Physical violence no matter who it is comming from is NOT acceptable!!


----------



## Anjel. (Apr 7, 2009)

lol, me and my brother getting into physical fights like this was really common, before we even had knife marks on our doors from chasing each other with knifes trying to stab each other. lol We even got into a straight brawl on his wedding day, ahha you can see some bruises and scratch marks on his face on the wedding photos. Lol

But when its all said in done, we still love each other. He's beaten the shit outta me multiple times, but I still love him. We just both have temper issues. lol


----------



## pinksugar (Apr 7, 2009)

Anjel, that as may be, the original poster obviously found this distressing, rather than amusing, and I think playing it down is not responsible - this guy sounds a little bit unhinged.


----------



## Anthea (Apr 7, 2009)

As an adult or even a teen there is no excuse for violence. I think a man who beets up on a woman who is less physically strong is appalling. I hope you are OK.


----------



## Orangeeyecrayon (Apr 7, 2009)

i would definately at the very least tell your parents. if you have any marks on you i would call the police.

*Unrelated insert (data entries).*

Lemma accepts_iso (C C' : circ) (k : nat) : iso C C' -> accepts_weight C k -> accepts_weight C' k.
Proof.
move=> [f [[g fK gK] [adjE [lab1E lab2E]]]] [val [Hneg Hor Hand Hcard [o /andP[Ho Vo]]]].
have g_bij : bijective g by exists f.
have lab1g i x : lab1 C' i x = lab1 C i (g x) by rewrite -{1}(gK x) lab1E.
have wireg x y : wire x y = wire (g x) (g y) :> bool.
  by rewrite /wire -{1}(gK x) -{1}(gK y) lab2E.
have some_in x : [exists y, wire y x && val (g y)] = [exists y, wire y (g x) && val y].
  by rewrite -(exists_bij (fun y => wire y (g x) && val y) g_bij); apply: eq_existsb => y;
     rewrite wireg.
exists (fun x => val (g x)); split.
- by move=> x; rewrite lab1g => /Hneg ->; rewrite some_in.
- by move=> x; rewrite !lab1g => /Hor ->; rewrite some_in.
- move=> x; rewrite !lab1g => /Hand ->.
  rewrite -(forall_bij (fun y => wire y (g x) ==> val y) g_bij).
  by apply: eq_forallb => y; rewrite wireg.
- rewrite -Hcard -(card_bij (fun x => lab1 C g_in x && val x) g_bij).
  by apply: eq_card => y; rewrite !inE lab1g.
- exists (f o); rewrite fK Vo andbT.
  rewrite /outdeg -(card_bij (fun y => wire o y) g_bij) in Ho.
  by rewrite /outdeg (eq_card (B := [pred y | wire o (g y)])) // => y; rewrite !inE wireg fK.
Qed.

(* In a finite acyclic relation every element starts a walk ending at a sink,
   by induction on the number of elements reachable from it. *)
Lemma sink_path (T : finType) (e : rel T) :
  (forall x y, e x y -> ~~ connect e y x) ->
  forall x, exists p, path e x p /\ forall y, ~~ e (last x p) y.
Proof.
move=> acyc.
suff walk n x : #|[pred y | connect e x y]| < n ->
    exists p, path e x p /\ forall y, ~~ e (last x p) y by move=> x; apply: (walk _ x (ltnSn _)).
elim: n x => [|n IH] x // reach.
case: (pickP (e x)) => [y xy|sink]; last by exists [::]; split=> // y; rewrite sink.
have [|p [pp pl]] := IH y; last by exists (y :: p); rewrite /= xy pp.
rewrite ltnS in reach; apply: leq_trans reach; apply: proper_card; apply/properP; split.
  by apply/subsetP=> z; rewrite !inE => /(connect_trans (connect1 xy)).
by exists x; rewrite !inE ?connect0 // (negbTE (acyc _ _ xy)).
Qed.

(* In a circuit of depth <= d every gate reaches the output gate by a wire
   path with at most d wires: extend the gate backwards to an input gate and
   forwards to a sink, which must be the unique output gate; the resulting
   input-output path has at most d gates. *)
Lemma gate_to_output (C : circ) (d : nat) : is_circuit C -> depth_le C d ->
  exists o, forall x, exists p, [/\ path (@wire C) x p, last x p = o & size p <= d].
Proof.
case=> _ acyc _ types /eqP/card1P [o outE] depth; exists o => x.
have [pf [ppf sink]] := sink_path acyc x.
have acyc_rev a b : (fun a b => @wire C b a) a b -> ~~ connect (fun a b => wire b a) b a.
  by move=> ba; rewrite connect_rev; apply: acyc.
have [pb [ppb source]] := sink_path acyc_rev x.
set i := last x pb in source.
have i_in : lab1 C g_in i.
  have [-> _ _ _] := types i; apply/eqP; apply: eq_card0 => y; rewrite inE.
  by apply/negbTE; apply: source.
have out_last : last x pf = o.
  suff : last x pf \in [pred x | outdeg x == 0] by rewrite outE inE => /eqP.
  by rewrite inE; apply/eqP; apply: eq_card0 => y; rewrite inE; apply/negbTE; apply: sink.
have pi : path (@wire C) i (rev (belast x pb)) by rewrite /i rev_path.
have li : last i (rev (belast x pb)) = x.
  by rewrite /i; case: (pb) => //= y p; rewrite rev_cons last_rcons.
have io : io_path i (rev (belast x pb) ++ pf).
  rewrite /io_path i_in cat_path pi li ppf last_cat li out_last.
  by rewrite (eqP (_ : o \in [pred x | outdeg x == 0])) // outE inE.
exists pf; split=> //; have := depth _ _ io; rewrite /= size_cat.
by move=> io_size; apply: leq_trans io_size; rewrite -addSn leq_addl.
Qed.

(* Hence a connected circuit of depth <= d has radius <= d around its output
   gate: this is the only property of bounded-depth circuits we need. *)
Lemma circuit_radius (C : circ) (d : nat) : is_circuit C -> depth_le C d ->
  exists o, forall x, near C d o x.
Proof.
move=> circ depth; have [o Ho] := gate_to_output circ depth; exists o => x.
have [p [pp lp sp]] := Ho x; apply: near_sym; exists p; split=> //.
by apply: sub_path pp => a b; apply: lab2_adj.
Qed.

Definition prf_add : prf := PPrec (PProj 0) (PComp PSucc [:: PProj 1]).
Definition prf_mul : prf := PPrec PZero (PComp prf_add [:: PProj 1; PProj 2]).
Fixpoint prf_const (d : nat) : prf :=
  match d with 0 => PZero | d'.+1 => PComp PSucc [:: prf_const d'] end.

Lemma peval_add (n m : nat) : peval prf_add [:: n; m] (n + m).
Proof.
elim: n => [|n IH]; first by apply: ev_prec0; apply: (ev_proj 0 [:: m]).
apply: ev_precS IH _; apply: (ev_comp (ys := [:: n + m])); last exact: ev_succ.
by constructor; [apply: (ev_proj 1 [:: n; n + m; m]) | constructor].
Qed.

Lemma peval_mul (n m : nat) : peval prf_mul [:: n; m] (n * m).
Proof.
elim: n => [|n IH]; first by apply: ev_prec0; apply: ev_zero.
apply: ev_precS IH _; apply: (ev_comp (ys := [:: n * m; m])).
  constructor; first by apply: (ev_proj 1 [:: n; n * m; m]).
  by constructor; [apply: (ev_proj 2 [:: n; n * m; m]) | constructor].
by rewrite mulSn addnC; apply: peval_add.
Qed.

Lemma peval_const (d : nat) (args : seq nat) : peval (prf_const d) args d.
Proof.
elim: d => [|d IH]; first exact: ev_zero.
by apply: (ev_comp (ys := [:: d])); [constructor | exact: ev_succ].
Qed.

Lemma computable_add_mulc (f g : nat -> nat) (d : nat) :
  computable f -> computable g -> computable (fun k => f k + g k * d).
Proof.
move=> [pf Hf] [pg Hg].
exists (PComp prf_add [:: pf; PComp prf_mul [:: pg; prf_const d]]) => n.
apply: (ev_comp (ys := [:: f n; g n * d])); last exact: peval_add.
constructor; first exact: Hf.
constructor; last by constructor.
apply: (ev_comp (ys := [:: g n; d])); last exact: peval_mul.
by constructor; [exact: Hg | constructor; [exact: peval_const | constructor]].
Qed.

Section Decider.
Variables (c s t : nat) (P : problem s t) (F : circ -> Prop) (d : nat).
Hypothesis F_iso : forall C C', iso C C' -> F C -> F C'.
Hypothesis F_shallow : forall C, F C -> is_circuit C /\ depth_le C d.
Variables (rr tt : nat -> nat) (A : local_alg s t (red_out 6 1)).
Hypothesis reduction : forall (G : struct s t) (k : nat) (id : vert G -> nat), valid_ids c id ->
  exists (k' : nat) (G' : circ) (nu : vert G' -> vert G) (eta : vert G' -> vert G' -> seq (vert G)),
    [/\ represents id (fun v => output A id k (tt k) v) k' nu eta,
        short_paths nu eta (rr k) & (P G k <-> P_F F G' k')].

Definition radius (k : nat) : nat := tt k + rr k * d.

Definition certifies (G0 : struct s t) (id0 : vert G0 -> nat) (k0 : nat) (v0 : vert G0) : Prop :=
  valid_ids c id0 /\
  exists (k' : nat) (G' : circ) (nu : vert G' -> vert G0)
         (eta : vert G' -> vert G' -> seq (vert G0)),
    [/\ represents id0 (fun v => output A id0 k0 (tt k0) v) k' nu eta,
        forall x, near G0 (rr k0 * d) v0 (nu x) & P_F F G' k'].

Definition accepting_view (x : view s t) : Prop :=
  exists (k0 : nat) (G0 : struct s t) (id0 : vert G0 -> nat) (v0 : vert G0),
    gather id0 k0 (radius k0) v0 = x /\ certifies id0 k0 v0.

Definition decider : local_alg s t bool := full_info_alg (fun x => holds (accepting_view x)).

(* Completeness: on a yes-instance, the host of the output gate certifies
   acceptance, as the reduced circuit has radius <= d around that gate and
   each of its edges spans at most rr k edges of G. *)
Lemma decider_complete (G : struct s t) (k : nat) (id : vert G -> nat) :
  valid_ids c id -> P G k -> exists v, output decider id k (radius k) v.
Proof.
move=> vid PGk; have [k' [G' [nu [eta [rep short PE]]]]] := reduction k vid.
have yes := PE.1 PGk; have [circ depth] := F_shallow yes.1.
have [o o_center] := circuit_radius circ depth.
exists (nu o); rewrite output_full_info; apply/holdsP.
exists k, G, id, (nu o); split=> //; split=> //; exists k', G', nu, eta; split=> // x.
have [p [pp <- sp]] := o_center x.
by apply: near_mono (lift_near short pp) _; rewrite mulnC leq_mul.
Qed.

(* Soundness: if v accepts, the certifying instance G0 agrees with G on the
   radius-tt k views of all hosts of its circuit, so A builds on G a circuit
   containing, hence isomorphic to, the accepting circuit of G0. *)
Lemma decider_sound (G : struct s t) (k : nat) (id : vert G -> nat) (v : vert G) :
  valid_ids c id -> output decider id k (radius k) v -> P G k.
Proof.
move=> vid; rewrite output_full_info => /holdsP [k0 [G0 [id0 [v0 [same_view cert]]]]].
have ek : k0 = k by rewrite -(view_param_gather id0 k0 (radius k0) v0) same_view view_param_gather.
subst k0; have [[inj0 _] [k0' [G0' [nu0 [eta0 [rep0 near0 [FG0' acc0]]]]]]] := cert.
have [k' [G' [nu [eta [rep _ PE]]]]] := reduction k vid.
have twin x0 : exists u, output A id k (tt k) u = output A id0 k (tt k) (nu0 x0) /\
                         id u = id0 (nu0 x0).
  have [u same_u] := near_same_view inj0 (esym same_view) (near0 x0).
  by exists u; apply: same_view_same_output.
have [isoG ek'] := represents_iso rep0 rep twin; subst k0'.
by apply/PE; split; [exact: F_iso FG0' | exact: accepts_iso acc0].
Qed.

i know when my brother was younger he used to do the same thing when we were fighting and would try to choke me, and i told my mom and she told him if he ever laid a finger on me agian she would call the cops on him.

so i know you may think the whole police thing may seem harsh to you, but you need to let him know that this is not okay and you will defend yourself even if it means he gets in trouble for what he did. Even if you do not press charges you should get it down that he did this and you could have the police tell him what could happen to him if you did press charges (as in jail time fines probation ect.)

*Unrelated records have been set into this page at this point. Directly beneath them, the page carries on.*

(* Let $\mathcal H$ be a family of graphs. The following are equivalent: (i) there is a constant $c=c(\mathcal H)$ such that every (not necessarily connected) $\mathcal H$-free graph $G$ has fewer than $c$ vertices of degree at least $2$; (ii) there is a positive integer $n$ such that $\mathcal H\le \{K_n,\ nP_3,\ nK_3,\ K_{1,n}^*,\ K_{2,n},\ K_2+nK_1,\ K_1+nK_2\}$.
   Context: All graphs are finite, simple, undirected. For graphs $H_1,H_2$, write $H_1\prec H_2$ if $H_2$ contains an induced subgraph isomorphic to $H_1$. A graph $G$ is $\mathcal H$-free if no $H\in\mathcal H$ satisfies $H\prec G$. For families $\mathcal H_1,\mathcal H_2$, write $\mathcal H_1\le\mathcal H_2$ if for every $H_2\in\mathcal H_2$ there is $H_1\in\mathcal H_1$ with $H_1\prec H_2$. $K_n$, $P_n$ are the complete graph and path on $n$ vertices; $K_{s,t}$ is the complete bipartite graph; $nG$ is the disjoint union of $n$ copies of $G$; $G_1+G_2$ is the join (disjoint union plus all edges between $V(G_1)$ and $V(G_2)$). $K_{1,n}^*$ is obtained from the star $K_{1,n}$ by attaching a new pendant vertex to each leaf. *)

From mathcomp Require Import all_boot.
Set Implicit Arguments. Unset Strict Implicit. Unset Printing Implicit Defensive.

(* A finite simple graph, with vertex set 'I_n (every finite graph is
   isomorphic to one of these). *)
Record graph := Graph {
  gn : nat;
  gadj : rel 'I_gn;
  gsym : symmetric gadj;
  girr : irreflexive gadj }.
Arguments gadj : clear implicits.

Definition mkadj (n : nat) (r : nat -> nat -> bool) : rel 'I_n :=
  fun x y => (x != y) && (r x y || r y x).

Lemma mkadj_sym n r : symmetric (@mkadj n r).
Proof. by move=> x y; rewrite /mkadj eq_sym orbC. Qed.

Lemma mkadj_irr n r : irreflexive (@mkadj n r).
Proof. by move=> x; rewrite /mkadj eqxx. Qed.

Definition mkgraph (n : nat) (r : nat -> nat -> bool) : graph :=
  @Graph n (@mkadj n r) (@mkadj_sym n r) (@mkadj_irr n r).

Definition induced_sub (H1 H2 : graph) : Prop :=
  exists f : 'I_(gn H1) -> 'I_(gn H2),
    injective f /\ forall x y, gadj H1 x y = gadj H2 (f x) (f y).

Definition graph_family := graph -> Prop.

Definition free (F : graph_family) (G : graph) : Prop :=
  forall H, F H -> ~ induced_sub H G.

Definition family_le (F1 F2 : graph_family) : Prop :=
  forall H2, F2 H2 -> exists2 H1, F1 H1 & induced_sub H1 H2.

Definition deg (G : graph) (v : 'I_(gn G)) : nat := #|[set u | gadj G v u]|.
Arguments deg : clear implicits.

Definition num_deg_ge2 (G : graph) : nat := #|[set v : 'I_(gn G) | 1 < deg G v]|.

Definition Kn (n : nat) : graph := mkgraph n (fun _ _ => true).
(* n P_3 : block i/3, path 0-1-2 inside each block *)
Definition nP3 (n : nat) : graph :=
  mkgraph (3 * n) (fun i j => (i %/ 3 == j %/ 3) && ((i %% 3).+1 == j %% 3)).
Definition nK3 (n : nat) : graph :=
  mkgraph (3 * n) (fun i j => i %/ 3 == j %/ 3).
(* K_{1,n}^* : centre 0, leaves 1..n, pendant vertex i+n attached to leaf i *)
Definition K1nstar (n : nat) : graph :=
  mkgraph (2 * n).+1
    (fun i j => ((i == 0) && (1 <= j <= n)) || ((1 <= i <= n) && (j == i + n))).
(* K_{2,n} : parts {0,1} and {2,...,n+1} *)
Definition K2n (n : nat) : graph :=
  mkgraph n.+2 (fun i j => (i < 2) && (2 <= j)).
(* K_2 + nK_1 : 0,1 adjacent to each other and to everything *)
Definition K2_join_nK1 (n : nat) : graph :=
  mkgraph n.+2 (fun i _ => i < 2).
(* K_1 + nK_2 : 0 adjacent to everything, edges {2k+1, 2k+2} *)
Definition K1_join_nK2 (n : nat) : graph :=
  mkgraph (2 * n).+1 (fun i j => (i == 0) || (odd i && (j == i.+1))).

Definition target_family (n : nat) : graph_family :=
  fun G => G = Kn n \/ G = nP3 n \/ G = nK3 n \/ G = K1nstar n \/
           G = K2n n \/ G = K2_join_nK1 n \/ G = K1_join_nK2 n.

From mathcomp Require Import all_boot zify.
From Stdlib Require Import Classical.
Set Implicit Arguments. Unset Strict Implicit. Unset Printing Implicit Defensive.

(* Each of the seven graphs of size parameter n has at least n vertices of
   degree at least 2, which gives (i) -> (ii) with n = c + 3.  Conversely, a
   vertex v of degree at least 2 together with two chosen neighbours forms a
   cherry; colour each pair of cherries by the pattern of equalities and
   adjacencies between their three roles.  Ramsey's theorem yields n + 3
   cherries with a common pattern.  Roles either coincide in all these cherries
   (shared) or are pairwise distinct (private); if two private roles are
   adjacent across cherries we find K_n or K_{2,n}, and otherwise the number of
   shared neighbour roles (0, 1 or 2) and the edge between the two neighbours
   single out nK_3 / nP_3, K_1 + nK_2 / K_{1,n}^*, or K_2 + nK_1 / K_{2,n}. *)

Lemma sum_count_fibres (X : Type) (T : finType) (f : X -> T) (s : seq X) :
  \sum_(c : T) count (fun y => f y == c) s = size s.
Proof.
elim: s => [|x s IH] /=; first by rewrite big1.
rewrite big_split /= IH (bigD1 (f x)) //= eqxx big1 ?add1n // => c /negbTE.
by rewrite eq_sym => ->.
Qed.

Lemma pigeonhole_count (X : Type) (T : finType) (f : X -> T) (s : seq X) (m : nat) :
  #|T| * m < size s -> exists c, m <= count (fun y => f y == c) s.
Proof.
move=> lt_s; have [/existsP[c le_c]|/existsPn small] :=
  boolP [exists c, m <= count (fun y => f y == c) s]; first by exists c.
suff: size s <= #|T| * m by rewrite leqNgt lt_s.
rewrite -(sum_count_fibres f) -sum_nat_const; apply: leq_sum => c _.
by move/(_ c): small; rewrite -ltnNge => /ltnW.
Qed.

Lemma colour_chain (T : finType) (L : nat) :
  exists N, forall (X : eqType) (col : X -> X -> T) (s : seq X), N <= size s ->
    exists t : seq (X * T),
      [/\ subseq (map fst t) s, pairwise (fun p q => col p.1 q.1 == p.2) t & size t = L].
Proof.
elim: L => [|L [N IH]].
  by exists 0 => X col s _; exists [::]; rewrite sub0seq.
exists (#|T| * N).+2 => X col [|x s] //= le_s.
have [c le_c] := pigeonhole_count (col x) le_s.
have le_sc : N <= size [seq y <- s | col x y == c] by rewrite size_filter.
have [t [sub_t chain_t size_t]] := IH X col _ le_sc.
exists ((x, c) :: t); split => /=; last by rewrite size_t.
- by rewrite eqxx; apply: subseq_trans sub_t (filter_subseq _ _).
- rewrite chain_t andbT; apply/allP => q /(map_f fst)/(mem_subseq sub_t).
  by rewrite mem_filter => /andP[].
Qed.

Lemma ramsey (T : finType) (m : nat) :
  exists N, forall (X : eqType) (col : X -> X -> T) (s : seq X), N <= size s ->
    exists u c, [/\ subseq u s, m <= size u & pairwise (fun x y => col x y == c) u].
Proof.
have [N chainN] := colour_chain T (#|T| * m).+1.
exists N => X col s le_s.
have [t [sub_t chain_t size_t]] := chainN X col s le_s.
have [c le_c] : exists c, m <= count (fun p => p.2 == c) t.
  by apply: pigeonhole_count; rewrite size_t.
exists (map fst [seq p <- t | p.2 == c]), c; split.
- by apply: subseq_trans sub_t; apply/map_subseq/filter_subseq.
- by rewrite size_map size_filter.
- rewrite pairwise_map.
  apply: (@sub_in_pairwise _ [pred p | p.2 == c] _ _ _ _ _ (pairwise_filter _ chain_t)).
  + by move=> p q /eqP <- _.
  + by apply/allP => p; rewrite mem_filter => /andP[].
Qed.

Lemma induced_sub_trans (A B C : graph) :
  induced_sub A B -> induced_sub B C -> induced_sub A C.
Proof.
move=> [f [f_inj f_adj]] [g [g_inj g_adj]]; exists (g \o f).
by split=> [|x y /=]; [exact: inj_comp | rewrite f_adj g_adj].
Qed.

Lemma induced_sub_mkgraph (N : nat) (r : nat -> nat -> bool) (G : graph)
    (f : nat -> 'I_(gn G)) :
  (forall x y, x < y < N -> f x != f y /\ (r x y || r y x) = gadj G (f x) (f y)) ->
  induced_sub (mkgraph N r) G.
Proof.
move=> f_ok.
have f_pair (x y : 'I_N) : x != y -> f x != f y /\ mkadj r x y = gadj G (f x) (f y).
  wlog lt_xy : x y / x < y => [wlog_lt ne_xy|ne_xy].
    case: (ltngtP x y) => [lt_xy|lt_yx|/val_inj eq_xy]; first exact: wlog_lt.
    - have [|ne_f adj_f] := wlog_lt y x lt_yx; first by rewrite eq_sym.
      by rewrite eq_sym ne_f mkadj_sym gsym.
    - by rewrite eq_xy eqxx in ne_xy.
  have [|ne_f adj_f] := f_ok x y; first by rewrite lt_xy ltn_ord.
  by rewrite /mkadj ne_xy adj_f.
exists (fun x => f x); split=> [x y|x y /=].
- by apply: contra_eq => /f_pair[].
- by case: (eqVneq x y) => [<-|/f_pair[] _ //]; rewrite mkadj_irr girr.
Qed.

Lemma deg_gt1 (G : graph) (v u1 u2 : 'I_(gn G)) :
  gadj G v u1 -> gadj G v u2 -> u1 != u2 -> 1 < deg G v.
Proof.
move=> vu1 vu2 ne_u; have <- : #|[set u1; u2]| = 2 by rewrite cards2 ne_u.
by apply/subset_leq_card/subsetP => x; rewrite !inE => /orP[]/eqP->.
Qed.

Definition nat_mkadj (r : nat -> nat -> bool) (x y : nat) := (x != y) && (r x y || r y x).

i am really sorry this had to happen to you and i know it is super scary, i think talking to someone also may help if you are very distressed about this.

please keep us updated.


----------



## AnnaKG00 (Apr 7, 2009)

So, what happened? What did you end up doing?


----------



## Bec688 (Apr 7, 2009)

Oh wow




Call the police, that's just not on at all. Are you badly hurt?? Maybe you should go get yourself checked out.


----------



## bCreative (Apr 7, 2009)

Thanks guys...I don't think I'll be calling the cops. But I think the problem is that we are around each other too much and I need to move out and just get away from him.


----------



## pinksugar (Apr 7, 2009)

Well as long as you feel comfortable and safe for now, that's the important thing! glad to hear you're ok though!


----------



## bCreative (Apr 7, 2009)

OK it just happened again!!! We just got into this heated argument and once again we're fighting?!?! I don't know whats going on with us, usually when we fight we makeup pretty quickly but now it just seems to get worse and worse.


----------



## pinksugar (Apr 7, 2009)

you definitely need to speak to either your parents or the police. People who behave like this toward women don't change. You need to stop this situation getting any worse before it gets any more dangerous for your health and safety!

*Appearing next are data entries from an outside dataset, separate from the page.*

(* Let $\mathcal{X}\subset\mathbb{R}^n$ be closed and convex, $\Xi\subset\mathbb{R}^m$ closed and convex, $\beta\in(0,1)$, $\varphi:\mathcal{X}\times\mathcal{X}\times\Xi\to\mathbb{R}$ bounded and continuous, and $\mathcal{Y}:\mathcal{X}\times\Xi\rightrightarrows\mathcal{X}$ nonempty-valued, compact-valued and continuous. Let $\xi_1,\ldots,\xi_N\in\Xi$ and $\mu_N=\frac1N\sum_{i=1}^N\xi_i$. Let $\mathcal{P}$ be a set of probability distributions on $\Xi$ such that $\mathbb{E}_Q[\boldsymbol{\xi}]=\mu_N$ for every $Q\in\mathcal{P}$ and the point mass $\delta_{\mu_N}\in\mathcal{P}$. If the MPC Bellman operator $B_{\mathrm{M}}$ is convexity preserving, then the DOO functional equation $$v_{\mathrm{O}}(x,\xi)=\inf_{y\in\mathcal{Y}(x,\xi)}\Bigl\{\varphi(x,y,\xi)+\beta\inf_{Q\in\mathcal{P}}\mathbb{E}_Q[v_{\mathrm{O}}(y,\boldsymbol{\xi})]\Bigr\}\quad\forall(x,\xi)\in\mathcal{X}\times\Xi$$ has a solution which is the same as the (unique bounded continuous) solution $v_{\mathrm{M}}$ of the MPC functional equation $$v_{\mathrm{M}}(x,\xi)=\inf_{y\in\mathcal{Y}(x,\xi)}\bigl\{\varphi(x,y,\xi)+\beta v_{\mathrm{M}}(y,\mu_N)\bigr\}\quad\forall(x,\xi)\in\mathcal{X}\times\Xi.$$
   Context: $C_b(\mathcal{X}\times\Xi)$ denotes the Banach space of bounded continuous real-valued functions on $\mathcal{X}\times\Xi$ with the sup norm. The MPC Bellman operator $B_{\mathrm{M}}:C_b(\mathcal{X}\times\Xi)\to C_b(\mathcal{X}\times\Xi)$ is $B_{\mathrm{M}}(f)(x,\xi)=\inf_{y\in\mathcal{Y}(x,\xi)}\{\varphi(x,y,\xi)+\beta f(y,\mu_N)\}$. $B_{\mathrm{M}}$ is called convexity preserving if there exists a closed subset $\mathcal{F}\subset C_b(\mathcal{X}\times\Xi)$ such that $\xi\mapsto f(x,\xi)$ is convex for every $x\in\mathcal{X}$ and $f\in\mathcal{F}$, and $B_{\mathrm{M}}(\mathcal{F})\subset\mathcal{F}$. *)

From mathcomp Require Import all_boot all_order all_algebra.
From mathcomp Require Import all_classical all_reals all_analysis.
Import Order.TTheory GRing.Theory Num.Theory.
Import numFieldNormedType.Exports.

Set Implicit Arguments.
Unset Strict Implicit.
Unset Printing Implicit Defensive.

Local Open Scope classical_set_scope.
Local Open Scope ring_scope.

Definition BorelV (R : realType) (k : nat) :=
  g_sigma_algebraType (@open 'rV[R]_k).

Definition convex_setV (R : realType) (k : nat) (A : set 'rV[R]_k) : Prop :=
  forall a b (t : R), A a -> A b -> 0 <= t <= 1 -> A (t *: a + (1 - t) *: b).

Definition convex_fun_on (R : realType) (k : nat) (A : set 'rV[R]_k)
    (g : 'rV[R]_k -> R) : Prop :=
  forall a b (t : R), A a -> A b -> 0 <= t <= 1 ->
    g (t *: a + (1 - t) *: b) <= t * g a + (1 - t) * g b.

Definition bcont_on (R : realType) (n m : nat) (X : set 'rV[R]_n)
    (Xi : set 'rV[R]_m) (f : 'rV[R]_n -> 'rV[R]_m -> R) : Prop :=
  (exists M : R, forall x xi, X x -> Xi xi -> `|f x xi| <= M) /\
  {within X `*` Xi, continuous (fun p : 'rV[R]_n * 'rV[R]_m => f p.1 p.2)}.

Definition sup_cvg_on (R : realType) (n m : nat) (X : set 'rV[R]_n)
    (Xi : set 'rV[R]_m) (f_ : nat -> 'rV[R]_n -> 'rV[R]_m -> R)
    (g : 'rV[R]_n -> 'rV[R]_m -> R) : Prop :=
  forall e : R, 0 < e -> exists K : nat, forall k : nat, (K <= k)%N ->
    forall x xi, X x -> Xi xi -> `|f_ k x xi - g x xi| <= e.

(* a set F of (representatives of) elements of C_b(X x Xi) is closed in the
   sup-norm topology (sequential closedness in the metric space C_b) *)
Definition closed_in_Cb (R : realType) (n m : nat) (X : set 'rV[R]_n)
    (Xi : set 'rV[R]_m) (F : set ('rV[R]_n -> 'rV[R]_m -> R)) : Prop :=
  forall (f_ : nat -> 'rV[R]_n -> 'rV[R]_m -> R) g,
    (forall k, F (f_ k)) -> bcont_on X Xi g -> sup_cvg_on X Xi f_ g -> F g.

Definition B_M (R : realType) (n m : nat)
    (phi : 'rV[R]_n -> 'rV[R]_n -> 'rV[R]_m -> R) (beta : R)
    (Y : 'rV[R]_n -> 'rV[R]_m -> set 'rV[R]_n) (mu : 'rV[R]_m)
    (f : 'rV[R]_n -> 'rV[R]_m -> R) : 'rV[R]_n -> 'rV[R]_m -> R :=
  fun x xi => inf [set phi x y xi + beta * f y mu | y in Y x xi].

Definition convexity_preserving (R : realType) (n m : nat)
    (X : set 'rV[R]_n) (Xi : set 'rV[R]_m)
    (phi : 'rV[R]_n -> 'rV[R]_n -> 'rV[R]_m -> R) (beta : R)
    (Y : 'rV[R]_n -> 'rV[R]_m -> set 'rV[R]_n) (mu : 'rV[R]_m) : Prop :=
  exists F : set ('rV[R]_n -> 'rV[R]_m -> R),
    (exists f, F f) /\
    (forall f, F f -> bcont_on X Xi f) /\
    closed_in_Cb X Xi F /\
    (forall f x, F f -> X x -> convex_fun_on Xi (f x)) /\
    (forall f, F f -> F (B_M phi beta Y mu f)).

Definition MPC_solution (R : realType) (n m : nat)
    (X : set 'rV[R]_n) (Xi : set 'rV[R]_m)
    (phi : 'rV[R]_n -> 'rV[R]_n -> 'rV[R]_m -> R) (beta : R)
    (Y : 'rV[R]_n -> 'rV[R]_m -> set 'rV[R]_n) (mu : 'rV[R]_m)
    (v : 'rV[R]_n -> 'rV[R]_m -> R) : Prop :=
  forall x xi, X x -> Xi xi ->
    v x xi = inf [set phi x y xi + beta * v y mu | y in Y x xi].

(* DOO functional equation; E_Q[v(y, xi)] is the integral over Xi
   (Q is concentrated on Xi) *)
Definition DOO_solution (R : realType) (n m : nat)
    (X : set 'rV[R]_n) (Xi : set 'rV[R]_m)
    (phi : 'rV[R]_n -> 'rV[R]_n -> 'rV[R]_m -> R) (beta : R)
    (Y : 'rV[R]_n -> 'rV[R]_m -> set 'rV[R]_n)
    (P : set (probability (BorelV R m) R))
    (v : 'rV[R]_n -> 'rV[R]_m -> R) : Prop :=
  forall x xi, X x -> Xi xi ->
    v x xi = inf [set phi x y xi +
                      beta * inf [set Rintegral Q Xi (v y) | Q in P]
                 | y in Y x xi].

From mathcomp Require Import all_boot all_order all_algebra.
From mathcomp Require Import all_classical all_reals all_analysis.
From mathcomp Require Import ring lra.
Import Order.TTheory GRing.Theory Num.Theory.
Import numFieldNormedType.Exports.

(* Convexity preservation provides a closed, B_M-stable class F of bounded
   continuous functions that are convex in xi.  Since B_M is a beta-contraction
   for the sup norm, value iteration started in F converges uniformly; its
   limit v lies in F and is the unique bounded continuous solution of the MPC
   equation.  For y in X, the function xi |-> v(y, xi) is bounded, continuous
   and convex, so Jensen's inequality gives E_Q[v(y, xi)] >= v(y, mu_N) for
   every Q in P, with equality at the point mass at mu_N: the inner infimum of
   the DOO equation is v(y, mu_N), hence v also solves the DOO equation.
   Jensen's inequality on a closed convex subset of R^m follows from affine
   minorants: projecting (mu, G mu - eps) onto the epigraph of G yields an
   affine function below G which is eps-close to G at mu. *)

Set Implicit Arguments.
Unset Strict Implicit.
Unset Printing Implicit Defensive.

Please stay safe and keep us updated about your situation


----------



## Adrienne (Apr 7, 2009)

Again?! I know he's your brother and all but the same rules still apply: men do not hit women and the fact is you are both grown-ups now. I know how tension in the family can be. Hell, it's the main reason I moved out when I was 16. I may have it a bit harder financially but that's a price I'm willing to pay to keep my sibling relationships civil. Even now, I still want to kick my brother's ass for his stupid remarks but not living at home having to deal with all the bullshit makes it much easier.


----------



## Karren (Apr 7, 2009)

If you fear for you safety then call 911 now!! Other wise get out of there or at the least stop talking to him and let things cool off.. What's the argument over any way?


----------



## AnnaKG00 (Apr 7, 2009)

Yea, what are you guys fighting over? =(


----------



## HairEgo (Apr 7, 2009)

Again?! This is a cycle that NEEDS to be broken...i dont understand how you could just continue to let it happen? I mean, unless you were over exaggerating...If it were me, regardless if he was my brother or not...I would be on the phone with the police!


----------